Survey questionnaires were sent to 530 Minnesota and Wisconsin ag lenders in 2002.. Two out of three of the nearly 200 respondents worked for independent local banks, the rest for local branches of regional or national banks and the farm credit system. Companion surveys were sent to sustainable farmers and to agricultural educators.

“We broke out four important “take home” messages from the survey returns,” reports Caroline van Schaik, LSP program coordinator, Lewiston, MN.

• While nearly 100 percent of responding lenders think sustainable ag will grow, they revealed an obvious need to know more specifics about sustainable farming practices as well as the criteria used in decision making. Only 35 percent thought sustainable farming is equally or more profitable than conventional farming.

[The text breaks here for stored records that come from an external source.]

(* Let $n \ge k \ge 1$ be integers, let $G$ be a simple undirected graph on $n$ vertices, and let $P_1,\ldots,P_k$ be vertex-disjoint directed paths in $G$ covering $V(G)$ such that the digraph $D(G,P_1,\ldots,P_k)$ is acyclic. Then $\lvert E(G)\rvert \le kn - \binom{k+1}{2}$. Equivalently, $\Gamma(n,k) \le kn - \binom{k+1}{2}$.
   Context: $y \sim z$ means $y$ and $z$ are adjacent in $G$. A directed path in $G$ is a sequence $v_1 \to \cdots \to v_m$ ($m \ge 1$) of distinct vertices with $v_tv_{t+1} \in E(G)$; its arcs are $v_t \to v_{t+1}$. Vertex-disjoint and covering means every vertex lies in exactly one $P_j$. The digraph $D = D(G,P_1,\ldots,P_k)$ has vertex set $V(G)$, and for distinct $x,y$ there is an arc $x \to y$ iff either some $P_j$ contains the arc $x \to y$, or there is a vertex $z$ and a path $P_j$ with $x \to z$ an arc of $P_j$ and $y \sim z$. $\Gamma(n,k)$ is the maximum of $\lvert E(G)\rvert$ over all such $G$ on $n$ vertices with $k$ such paths for which $D$ is acyclic. *)

From mathcomp Require Import all_boot.
Set Implicit Arguments. Unset Strict Implicit. Unset Printing Implicit Defensive.

Definition simple_graph (T : finType) (e : rel T) : Prop :=
  symmetric e /\ irreflexive e.

Definition edges (T : finType) (e : rel T) : {set {set T}} :=
  [set A : {set T} | [exists x, exists y, e x y && (A == [set x; y])]].

Definition arc (T : eqType) (s : seq T) (x y : T) : bool :=
  (x, y) \in zip s (behead s).

Definition dpath (T : finType) (e : rel T) (s : seq T) : Prop :=
  s != [::] /\ uniq s /\ (forall x y, arc s x y -> e x y).

Definition Darc (T : finType) (e : rel T) (k : nat) (P : 'I_k -> seq T)
    (x y : T) : bool :=
  (x != y) &&
  [exists j : 'I_k, arc (P j) x y || [exists z, arc (P j) x z && e y z]].

Definition acyclic (T : finType) (r : rel T) : Prop :=
  forall x y, r x y -> ~~ connect r y x.

From Pilot Require Import Defs.
From mathcomp Require Import all_boot.
From mathcomp Require Import zify.
Set Implicit Arguments. Unset Strict Implicit. Unset Printing Implicit Defensive.

(* Since D is acyclic, the vertices admit an injective key f increasing along
   the arcs of D; orient every edge towards its endpoint of larger key. A vertex v
   has at most one forward neighbour on each path P_j: if w1 precedes w2 on P_j
   and v ~ w2, then the predecessor x of w2 on P_j satisfies x -> v in D (or
   x = v), so f w1 <= f x <= f v. The vertex with exactly i vertices of larger
   key therefore has forward degree at most min(k, i), and summing over i < n
   bounds the number of edges by kn - C(k+1, 2). *)

Lemma bin2_add_bin2S k : 'C(k, 2) + 'C(k.+1, 2) = k * k.
Proof. by elim: k => // k IHk; rewrite (binS k 1) (binS k.+1 1) !bin1; lia. Qed.

Lemma sum_minn_ord k n : k <= n -> \sum_(i < n) minn k i + 'C(k.+1, 2) = k * n.
Proof.
move=> /subnKC <-; elim: (n - k) => [|d IHd].
  rewrite addn0; have -> : \sum_(i < k) minn k i = 'C(k, 2).
    rewrite -bin2_sum big_mkord; apply: eq_bigr => i _.
    exact/minn_idPr/ltnW.
  exact: bin2_add_bin2S.
rewrite addnS big_ord_recr /= (minn_idPl (leq_addr _ _)) mulnS.
by rewrite addnAC IHd addnC.
Qed.

Lemma leq_card_bigcup (I T : finType) (P : pred I) (F : I -> {set T}) :
  #|\bigcup_(i | P i) F i| <= \sum_(i | P i) #|F i|.
Proof.
apply: (big_ind2 (fun (A : {set T}) m => #|A| <= m)) => [|A m B p hA hB|i _] //.
- by rewrite cards0.
- exact: leq_trans (leq_card_setU A B) (leq_add hA hB).
Qed.

Lemma sum_minn_card_above (T : finType) (f : T -> nat) k (A : {set T}) :
  injective f ->
  \sum_(v in A) minn k #|[set w in A | f v < f w]| = \sum_(i < #|A|) minn k i.
Proof.
move=> f_inj; move Em: #|A| => m; elim: m A Em => [|m IHm] A cardA.
  by move/eqP: cardA; rewrite cards_eq0 => /eqP ->; rewrite big_set0 big_ord0.
have [x0 x0A] : exists x, x \in A by apply/set0Pn; rewrite -card_gt0 cardA.
case: (arg_minnP f x0A) => a aA' a_min; have aA : a \in A := aA'.
have above_a : [set w in A | f a < f w] = A :\ a.
  apply/setP=> w; rewrite !inE; case: (eqVneq w a) => [->|wa]; first by rewrite ltnn andbF.
  by rewrite andbC ltn_neqAle (inj_eq f_inj) eq_sym wa /=; apply/andb_idl/a_min.
have card_Aa : #|A :\ a| = m by move: cardA; rewrite (cardsD1 a) aA add1n => -[].
rewrite (bigD1 a) //= above_a card_Aa big_ord_recr /= addnC; congr (_ + _).
rewrite -(IHm _ card_Aa); apply: eq_big => [v|v]; first by rewrite !inE andbC.
case/andP=> vA _; congr minn; apply: eq_card => w; rewrite !inE.
by case: (eqVneq w a) => [->|_] //=; rewrite ltnNge (a_min v vA) andbF.
Qed.

Lemma acyclic_injective_key (T : finType) (r : rel T) :
  acyclic r -> exists2 f : T -> nat, injective f & forall x y, r x y -> f x < f y.
Proof.
(* The number of vertices reaching v grows strictly along arcs; enum_rank breaks ties. *)
move=> r_acyclic; pose h v := #|[set u | connect r u v]|.
have h_mono x y : r x y -> h x < h y.
  move=> rxy; apply/proper_card/properP; split.
    by apply/subsetP=> u; rewrite !inE => /connect_trans; apply; apply: connect1.
  by exists y; rewrite !inE ?connect0 //; apply: r_acyclic.
exists (fun v => h v * #|T| + enum_rank v).
  move=> x y /(congr1 (modn^~ #|T|)); rewrite !modnMDl !modn_small //.
  by move/ord_inj/enum_rank_inj.
move=> x y /h_mono hxy; have : enum_rank x < #|T| := ltn_ord _.
have : (h x).+1 * #|T| <= h y * #|T| by rewrite leq_mul2r hxy orbT.
rewrite mulSn; lia.
Qed.

Lemma arc_nth (T : eqType) (s : seq T) x0 i :
  i.+1 < size s -> Defs.arc s (nth x0 s i) (nth x0 s i.+1).
Proof.
move=> lt_is; rewrite /Defs.arc -nth_behead.
have lt_izip : i < size (zip s (behead s)) by rewrite size_zip size_behead; lia.
have <- : nth (x0, x0) (zip s (behead s)) i = (nth x0 s i, nth x0 (behead s) i).
  by rewrite nth_zip_cond lt_izip.
exact: mem_nth.
Qed.

Definition fwd_nbhd (T : finType) (e : rel T) (f : T -> nat) (v : T) : {set T} :=
  [set w | e v w & f v < f w].

Lemma card_edges_le_sum_fwd_nbhd (T : finType) (e : rel T) (f : T -> nat) :
  simple_graph e -> injective f -> #|edges e| <= \sum_v #|fwd_nbhd e f v|.
Proof.
move=> [e_sym e_irr] f_inj.
have edges_sub : edges e \subset \bigcup_v [set [set v; w] | w in fwd_nbhd e f v].
  apply/subsetP=> _ /[!inE] /existsP[x /existsP[y /andP[exy /eqP->]]].
  have : f x != f y by rewrite (inj_eq f_inj); apply: contraTneq exy => ->; rewrite e_irr.
  case: ltngtP => // fxy _; apply/bigcupP.
  - by exists x => //; apply/imsetP; exists y; rewrite // inE exy fxy.
  - exists y => //; apply/imsetP; exists x; last by rewrite setUC.
    by rewrite inE e_sym exy fxy.
apply: leq_trans (subset_leq_card edges_sub) _.
apply: leq_trans (leq_card_bigcup _ _) _; apply: leq_sum => v _.
exact: leq_imset_card.
Qed.

Section PathCover.

Variables (T : finType) (e : rel T) (k : nat) (P : 'I_k -> seq T) (f : T -> nat).
Hypothesis P_path : forall j, dpath e (P j).
Hypothesis P_cover : forall v, exists j, v \in P j.
Hypothesis f_mono : forall x y, Darc e P x y -> f x < f y.

Lemma sorted_path_key j : sorted (relpre f leq) (P j).
Proof.
have [_ [P_uniq _]] := P_path j.
case E: (P j) => [//|x0 s]; rewrite -E; apply/(sortedP x0) => i lt_i.
apply/ltnW/f_mono/andP; split.
  by rewrite nth_uniq ?(ltnW lt_i) // ltn_eqF.
by apply/existsP; exists j; rewrite arc_nth.
Qed.

Lemma leq_key_nth j x0 i i' :
  i <= i' -> i' < size (P j) -> f (nth x0 (P j) i) <= f (nth x0 (P j) i').
Proof.
move=> le_ii' lt_i'; have f_leq_tr : transitive (relpre f leq).
  by move=> y x z; apply: leq_trans.
apply: (sorted_leq_nth f_leq_tr (fun y => leqnn (f y)) x0 (sorted_path_key j)) => //.
by rewrite inE (leq_ltn_trans le_ii').
Qed.

Lemma key_le_before_nbr v j w1 w2 :
  w1 \in P j -> w2 \in P j -> index w1 (P j) < index w2 (P j) -> e v w2 ->
  f w1 <= f v.
Proof.
move=> w1P w2P lt_w12 e_vw2; set x := nth w1 (P j) (index w2 (P j)).-1.
have pos_w2 : 0 < index w2 (P j) by apply: leq_ltn_trans lt_w12.
have lt_w2 : index w2 (P j) < size (P j) by rewrite index_mem.
have le_w1x : f w1 <= f x.
  rewrite -[w1 in f w1](nth_index w1 w1P); apply: leq_key_nth; last by lia.
  by rewrite -ltnS prednK.
have [<- //|x_neq_v] := eqVneq x v.
have arc_x : Defs.arc (P j) x w2.
  by have := @arc_nth _ (P j) w1 (index w2 (P j)).-1; rewrite prednK ?nth_index //; apply.
have x_to_v : Darc e P x v.
  rewrite /Darc x_neq_v; apply/existsP; exists j.
  by apply/orP; right; apply/existsP; exists w2; rewrite arc_x e_vw2.
exact: leq_trans le_w1x (ltnW (f_mono x_to_v)).
Qed.

Lemma card_fwd_nbhd_path_le1 v j : #|[set w in fwd_nbhd e f v | w \in P j]| <= 1.
Proof.
apply/card_le1_eqP => w1 w2; rewrite !inE => /andP[/andP[e1 f1] w1P] /andP[/andP[e2 f2] w2P].
have [lt_w12|lt_w21|eq_w12] := ltngtP (index w1 (P j)) (index w2 (P j)).
- by have := key_le_before_nbr w1P w2P lt_w12 e2; rewrite leqNgt f1.
- by have := key_le_before_nbr w2P w1P lt_w21 e1; rewrite leqNgt f2.
- by rewrite -(nth_index w1 w1P) eq_w12 nth_index.
Qed.

Lemma card_fwd_nbhd_le_minn v : #|fwd_nbhd e f v| <= minn k #|[set w | f v < f w]|.
Proof.
rewrite leq_min; apply/andP; split.
  have fwd_sub : fwd_nbhd e f v \subset \bigcup_(j < k) [set w in fwd_nbhd e f v | w \in P j].
    apply/subsetP=> w w_fwd; have [j wPj] := P_cover w.
    by apply/bigcupP; exists j; rewrite // inE w_fwd.
  apply: leq_trans (subset_leq_card fwd_sub) (leq_trans (leq_card_bigcup _ _) _).
  rewrite -[k in _ <= k]card_ord -sum1_card; apply: leq_sum => j _.
  exact: card_fwd_nbhd_path_le1.
by apply/subset_leq_card/subsetP=> w; rewrite !inE => /andP[_ ->].
Qed.

End PathCover.

Theorem lemma2 (n k : nat) (T : finType) (e : rel T) (P : 'I_k -> seq T) :
  1 <= k -> k <= n -> #|T| = n ->
  simple_graph e ->
  (forall j, dpath e (P j)) ->
  (forall v : T, exists j, v \in P j) ->
  (forall (v : T) (i j : 'I_k), v \in P i -> v \in P j -> i = j) ->
  acyclic (Darc e P) ->
  #|edges e| <= k * n - 'C(k.+1, 2).
Proof.
move=> _ le_kn card_T G_simple P_path P_cover _ D_acyclic.
have [f f_inj f_mono] := acyclic_injective_key D_acyclic.
have sum_fwd : \sum_v #|fwd_nbhd e f v| <= \sum_(i < n) minn k i.
  rewrite -card_T -cardsT -(sum_minn_card_above k _ f_inj).
  apply: (@leq_trans (\sum_v minn k #|[set w | f v < f w]|)).
    by apply: leq_sum => v _; apply: card_fwd_nbhd_le_minn.
  apply/eq_leq/eq_big => [v|v _]; first by rewrite inE.
  by congr minn; apply: eq_card => w; rewrite !inE.
have := card_edges_le_sum_fwd_nbhd G_simple f_inj; have := sum_minn_ord le_kn; lia.
Qed.
Lemma nd_turn_inj a b c d :
  nd G (Eq (tturn a b) (tturn c d)) -> nd G (Eq a c) /\ nd G (Eq b d).
Proof.
  intros H.
  assert (Hac_bd : nd G (And (Eq a c) (Eq b d))).
  { refine (ndIE _ _ _ _ H).
    apply (nd_conv _ _ _ (ndAllE _ _ d (ndAllE _ _ c (ndAllE _ _ b (ndAllE _ _ a
             (nd_Seq_axiom Seq2 ltac:(red; tauto))))))).
    now inst_axiom. }
  split; [eapply ndCE1 | eapply ndCE2]; exact Hac_bd.
Qed.

Lemma nd_conc_e a : nd G (Eq (tconc a te) a).
Proof. exact (ndAllE _ _ a (nd_Seq_axiom Seq3 ltac:(red; tauto))). Qed.

Lemma nd_conc_turn a b c : nd G (Eq (tconc a (tturn b c)) (tturn (tconc a b) c)).
Proof.
  apply (nd_conv _ _ _ (ndAllE _ _ c (ndAllE _ _ b (ndAllE _ _ a
           (nd_Seq_axiom Seq4 ltac:(red; tauto)))))).
  now inst_axiom.
Qed.

Lemma nd_Seq_cases x psi :
  nd (Eq x te :: G) psi ->
  nd (Eq (shift_t (shift_t x)) (tturn (var 1) (var 0)) :: map shift_f (map shift_f G))
     (shift_f (shift_f psi)) ->
  nd G psi.
Proof.
  intros He Hturn.
  eapply ndDE; [exact (ndAllE _ _ x (nd_Seq_axiom Seq5 ltac:(red; tauto))) | exact He |].
  eapply ndExE; [apply nd_hyp |]. eapply ndExE; [apply nd_hyp |].
  apply (nd_weaken _ _ Hturn), incl_cons; [left; reflexivity |].
  apply incl_tl, incl_map, incl_tl, incl_map, incl_tl, incl_refl.
Qed.

Lemma nd_conc_eq_e s y t : nd G (Eq y te) -> nd G (Eq (tconc s y) t) -> nd G (Eq s t).
Proof.
  intros Hy H. eapply nd_eq_trans; [apply nd_eq_sym, nd_conc_e |].
  eapply nd_eq_trans; [| exact H]. apply nd_cong_conc; [apply ndRefl | now apply nd_eq_sym].
Qed.

Lemma nd_conc_eq_turn s y y1 y2 t :
  nd G (Eq y (tturn y1 y2)) -> nd G (Eq (tconc s y) t) -> nd G (Eq (tturn (tconc s y1) y2) t).
Proof.
  intros Hy H. eapply nd_eq_trans; [apply nd_eq_sym, nd_conc_turn |].
  eapply nd_eq_trans; [| exact H]. apply nd_cong_conc; [apply ndRefl | now apply nd_eq_sym].
Qed.

End SeqAxioms.

Ltac seq_ctx :=
  repeat lazymatch goal with
    | |- Seq_ctx (_ :: _) => apply Seq_ctx_cons
    | |- Seq_ctx (map shift_f _) => apply Seq_ctx_shift
    end; assumption.

Ltac nd_assumption := apply ndA; cbn [map]; repeat (solve [left; reflexivity] || right).

Ltac shift_simpl :=
  lazymatch goal with |- nd ?G ?phi =>
    let phi' := eval cbn [shift_f subst_form subst_term] in phi in change (nd G phi')
  end; rewrite ?subst_sqsub; fold shift_t.

Lemma nd_sqsub_e G x : Seq_ctx G -> nd G (sqsub x te) -> nd G (Eq x te).
Proof.
  intros HG H. eapply ndExE; [exact H |].
  apply nd_Seq_cases with (x := var 0); [seq_ctx | |].
  - apply nd_conc_eq_e with (y := var 0); [seq_ctx | nd_assumption ..].
  - set (x3 := shift_t (shift_t (shift_t x))).
    apply ndExp, nd_turn_neq_e with (a := tconc x3 (var 1)) (b := var 0); [seq_ctx |].
    apply nd_conc_eq_turn with (y := var 2); [seq_ctx | nd_assumption ..].
Qed.

Lemma nd_sqsub_turn G x b c : Seq_ctx G ->
  nd G (sqsub x (tturn b c)) -> nd G (Or (Eq x (tturn b c)) (sqsub x b)).
Proof.
  intros HG H. eapply ndExE; [exact H |].
  apply nd_Seq_cases with (x := var 0); [seq_ctx | |]; shift_simpl.
  - apply ndDI1, nd_conc_eq_e with (y := var 0); [seq_ctx | nd_assumption ..].
  - set (x3 := shift_t (shift_t (shift_t x))); shift_simpl.
    apply ndDI2, nd_sqsub_intro with (u := var 1).
    apply nd_turn_inj with (b := var 0) (d := shift_t (shift_t (shift_t c))); [seq_ctx |].
    apply nd_conc_eq_turn with (y := var 2); [seq_ctx | nd_assumption ..].
Qed.

Lemma nd_conc_numl G la l : Seq_ctx G ->
  nd G (Eq (tconc (numl la) (numl l)) (numl (la ++ l))).
Proof.
  intros HG. induction l as [|c l IH] using rev_ind.
  - rewrite app_nil_r. now apply nd_conc_e.
  - rewrite numl_snoc, app_assoc, numl_snoc.
    eapply nd_eq_trans; [now apply nd_conc_turn |].
    now apply nd_cong_turn; [| apply ndRefl].
Qed.

Definition num_env (rho : nat -> sq) (n : nat) : term := num (rho n).

Lemma subst_num_env tau rho t :
  subst_term tau (subst_term (num_env rho) t) = subst_term (num_env rho) t.
Proof. rewrite subst_term_comp. apply subst_term_ext. intros n. apply subst_num. Qed.

Lemma nd_eval G rho t : Seq_ctx G ->
  nd G (Eq (subst_term (num_env rho) t) (num (eval rho t))).
Proof.
  intros HG. induction t as [n | | t1 IH1 t2 IH2 | t1 IH1 t2 IH2]; cbn [subst_term eval].
  - apply ndRefl.
  - apply ndRefl.
  - destruct (eval rho t1) as [l1]. change (num (sq_turn _ _)) with (numl (l1 ++ [eval rho t2])).
    rewrite numl_snoc. exact (nd_cong_turn _ _ _ _ _ IH1 IH2).
  - destruct (eval rho t1) as [l1], (eval rho t2) as [l2].
    change (num (sq_conc _ _)) with (numl (l1 ++ l2)).
    exact (nd_eq_trans _ _ _ _ (nd_cong_conc _ _ _ _ _ IH1 IH2) (nd_conc_numl _ _ _ HG)).
Qed.

Lemma nd_num_neq s : forall s' G, s <> s' -> Seq_ctx G ->
  nd G (Eq (num s) (num s')) -> nd G Fal.
Proof.
  induction s as [l Hl] using sq_nested_ind.
  induction l as [|c l IH] using rev_ind; intros [l'] G Hne HG H;
    change (num (Sq ?x)) with (numl x) in H;
    destruct (snoc_cases l') as [-> | [l0 [c' ->]]]; rewrite ?numl_snoc in H.
  - now contradiction Hne.
  - apply (nd_turn_neq_e _ HG (numl l0) (num c')). now apply nd_eq_sym.
  - exact (nd_turn_neq_e _ HG _ _ H).
  - apply Forall_app in Hl as [Hl Hc]. inversion_clear Hc as [| ? ? Hc' _].
    apply (nd_turn_inj _ HG) in H as [Hhead Hlast].
    destruct (classic (Sq l = Sq l0)) as [E | E].
    + injection E as ->. apply (Hc' c' G); [congruence | exact HG | exact Hlast].
    + exact (IH Hl (Sq l0) G E HG Hhead).
Qed.

Definition eq_one_of (x : term) (ps : list sq) : form :=
  fold_right (fun p acc => Or (Eq x (num p)) acc) Fal ps.

Lemma nd_eq_one_of_elim ps : forall G x psi, nd G (eq_one_of x ps) ->
  (forall p, In p ps -> nd (Eq x (num p) :: G) psi) -> nd G psi.
Proof.
  induction ps as [|p ps IH]; intros G x psi H Hcase; cbn in H.
  - now apply ndExp.
  - eapply ndDE; [exact H | apply Hcase; left; reflexivity |].
    apply (IH _ x psi (nd_hyp _ _)). intros q Hq.
    apply (nd_weaken _ _ (Hcase q (or_intror Hq))).
    apply incl_cons; [left; reflexivity | apply incl_tl, incl_tl, incl_refl].
Qed.

Lemma nd_sqsub_num_cases b : exists ps, (forall p, In p ps -> sq_prefix p b) /\
  forall G x, Seq_ctx G -> nd G (sqsub x (num b)) -> nd G (eq_one_of x ps).
Proof.
  destruct b as [l]. fold (numl l).
  induction l as [|c l IH] using rev_ind.
  - exists [Sq []]. split.
    + intros p [<- | []]. now exists (Sq []).
    + intros G x HG H. apply ndDI1. exact (nd_sqsub_e _ _ HG H).
  - destruct IH as [ps [Hps IH]]. exists (Sq (l ++ [c]) :: ps). split.
    + intros p [<- | Hp].
      * exists (Sq []). cbn. now rewrite app_nil_r.
      * destruct (Hps p Hp) as [[ly] Hy], p as [lp]. exists (Sq (ly ++ [c])).
        cbn in *. injection Hy as <-. now rewrite app_assoc.
    + intros G x HG H. rewrite numl_snoc in H.
      apply (nd_sqsub_turn _ _ _ _ HG) in H.
      cbn [eq_one_of fold_right]. fold (numl (l ++ [c])). rewrite numl_snoc.
      eapply ndDE; [exact H | apply ndDI1, nd_hyp |].
      apply ndDI2, IH; [seq_ctx | apply nd_hyp].
Qed.

Lemma nd_sqsub_num G a b : Seq_ctx G -> sq_prefix a b -> nd G (sqsub (num a) (num b)).
Proof.
  intros HG [[ly] <-]. destruct a as [la].
  apply nd_sqsub_intro with (u := numl ly). exact (nd_conc_numl _ la ly HG).
Qed.

Lemma nd_not_sqsub_num G a b : Seq_ctx G -> ~ sq_prefix a b ->
  nd G (sqsub (num a) (num b)) -> nd G Fal.
Proof.
  intros HG Hab H. destruct (nd_sqsub_num_cases b) as [ps [Hps Hcases]].
  apply (nd_eq_one_of_elim ps _ (num a) _ (Hcases _ _ HG H)).
  intros p Hp. apply (nd_num_neq a p); [| seq_ctx | apply nd_hyp].
  intros ->. exact (Hab (Hps p Hp)).
Qed.

Lemma num_env_scons x rho n : scons (num x) (num_env rho) n = num_env (scons x rho) n.
Proof. now destruct n. Qed.

Lemma up_num_env rho n : up (num_env rho) n = scons (var 0) (num_env rho) n.
Proof. destruct n; cbn; [reflexivity | apply subst_num]. Qed.

Lemma nd_ball_num_env G rho t phi : Seq_ctx G ->
  (forall p G', sq_prefix p (eval rho t) -> Seq_ctx G' ->
     nd G' (subst_form (num_env (scons p rho)) phi)) ->
  nd G (subst_form (num_env rho) (ball t phi)).
Proof.
  intros HG Hphi. rewrite subst_ball. unfold ball, shift_t at 1. rewrite subst_num_env.
  apply ndAllI, ndII.
  destruct (nd_sqsub_num_cases (eval rho t)) as [ps [Hps Hcases]].
  apply (nd_eq_one_of_elim ps _ (var 0)).
  - apply Hcases; [seq_ctx |].
    eapply nd_sqsub_transfer; [apply ndRefl | apply nd_eval; seq_ctx | apply nd_hyp].
  - intros p Hp.
    assert (Hvar0 : subst_form (up (num_env rho)) phi
                    = inst (var 0) (subst_form (up (num_env rho)) phi))
      by (rewrite inst_up; apply subst_form_ext, up_num_env).
    rewrite Hvar0. apply ndLeib with (s := num p); [apply nd_eq_sym, nd_hyp |].
    rewrite inst_up, (subst_form_ext _ _ _ (num_env_scons p rho)).
    apply Hphi; [exact (Hps p Hp) | seq_ctx].
Qed.

Lemma nd_Sigma_num_env phi : Sigma phi -> forall rho G, Seq_ctx G -> sat rho phi ->
  nd G (subst_form (num_env rho) phi).
Proof.
  induction 1 as [s t | s t | s t | s t | phi psi _ IH1 _ IH2 | phi psi _ IH1 _ IH2
                 | phi _ IH | t phi _ IH];
    intros rho G HG Hsat; unfold Neg in *; cbn [subst_form sat] in *; rewrite ?subst_sqsub.
  - eapply nd_eq_trans; [now apply nd_eval |].
    rewrite Hsat. now apply nd_eq_sym, nd_eval.
  - apply ndII, (nd_num_neq (eval rho s) (eval rho t)); [exact Hsat | seq_ctx |].
    eapply nd_eq_trans; [apply nd_eq_sym, nd_eval; seq_ctx |].
    eapply nd_eq_trans; [apply nd_hyp | apply nd_eval; seq_ctx].
  - apply sat_sqsub in Hsat.
    apply (nd_sqsub_transfer _ (num (eval rho s)) _ (num (eval rho t)));
      [now apply nd_eq_sym, nd_eval .. | now apply nd_sqsub_num].
  - rewrite sat_sqsub in Hsat.
    apply ndII, (nd_not_sqsub_num _ (eval rho s) (eval rho t)); [seq_ctx | exact Hsat |].
    eapply nd_sqsub_transfer; [apply nd_eval; seq_ctx .. | apply nd_hyp].
  - destruct Hsat. apply ndCI; auto.
  - destruct Hsat; [apply ndDI1 | apply ndDI2]; auto.
  - destruct Hsat as [x Hx]. apply ndExI with (t := num x).
    rewrite inst_up, (subst_form_ext _ _ _ (num_env_scons x rho)). now apply IH.
  - apply nd_ball_num_env; [exact HG |]. intros p G' Hp HG'.
    apply IH; [exact HG' |]. apply (Hsat p), sat_sqsub. cbn. now rewrite eval_shift.
Qed.

Theorem corollary1 : forall phi : form,
  Sigma phi -> sentence phi -> S_models phi -> Seq_proves phi.
Proof.
  intros phi HSigma Hsentence Htrue.
  exists [Seq1; Seq2; Seq3; Seq4; Seq5]. split.
  - intros psi [<- | [<- | [<- | [<- | [<- | []]]]]]; red; tauto.
  - rewrite <- (sentence_subst (num_env (fun _ => sq_e)) phi Hsentence).
    exact (nd_Sigma_num_env phi HSigma _ _ Seq_ctx_axioms (Htrue _)).
Qed.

“It makes intuitive sense that a banker may indeed define profitability and gauge it differently than a sustainable farmer trying achieve several ‘bottom lines,’ of which making money is only one,” says van Schaik. “This is perhaps the largest hurdle to overcome when it comes to opening doors between the lending and sustainable farming communities.”

• Farmers, in general, need to do a better job of record keeping. Most lenders said they want to see three-plus years of financial records “We looked at what lenders need and what farmers are actually doing and it was a pretty legitimate criticism by lenders that farmers coming in for loans -- conventional farmers as well as sustainable – were often lacking good records” adds van Schaik. Lender respondents listed uncertain markets, lack of business marketing plans and poor management skills as additional reasons for denying a sustainable ag loan.

• There are few benchmark data available. Most beginning sustainable farmers don’t have enough history from their own farms to make a case for a loan and it is difficult to find other sources of substantiating data. Likewise, lenders have a hard time finding benchmark data for organic or sustainable enterprises by which to gauge the integrity and credit strength of a loan applicant. “This is one of the primary areas LSP is focusing on as a result of the survey,” noted van Schaik.

• While both lenders and farmers valued the importance of relationships, only about half of each group felt they had positive relationships with the other. “While the majority of lenders said they were open to financing sustainable ag enterprises, fewer than 35 percent of responding farmers reported getting that openness from their lenders. It indicates there is certainly room for outreach and education going both ways and this is within our reach. We can all work on that,” van Schaik comments.

The LSP project revealed that three-fourths of responding lenders had not attended a sustainable ag class or field day in the past five years. It would probably be a safe bet that many never had. Would that be a wise use of your employee training budget?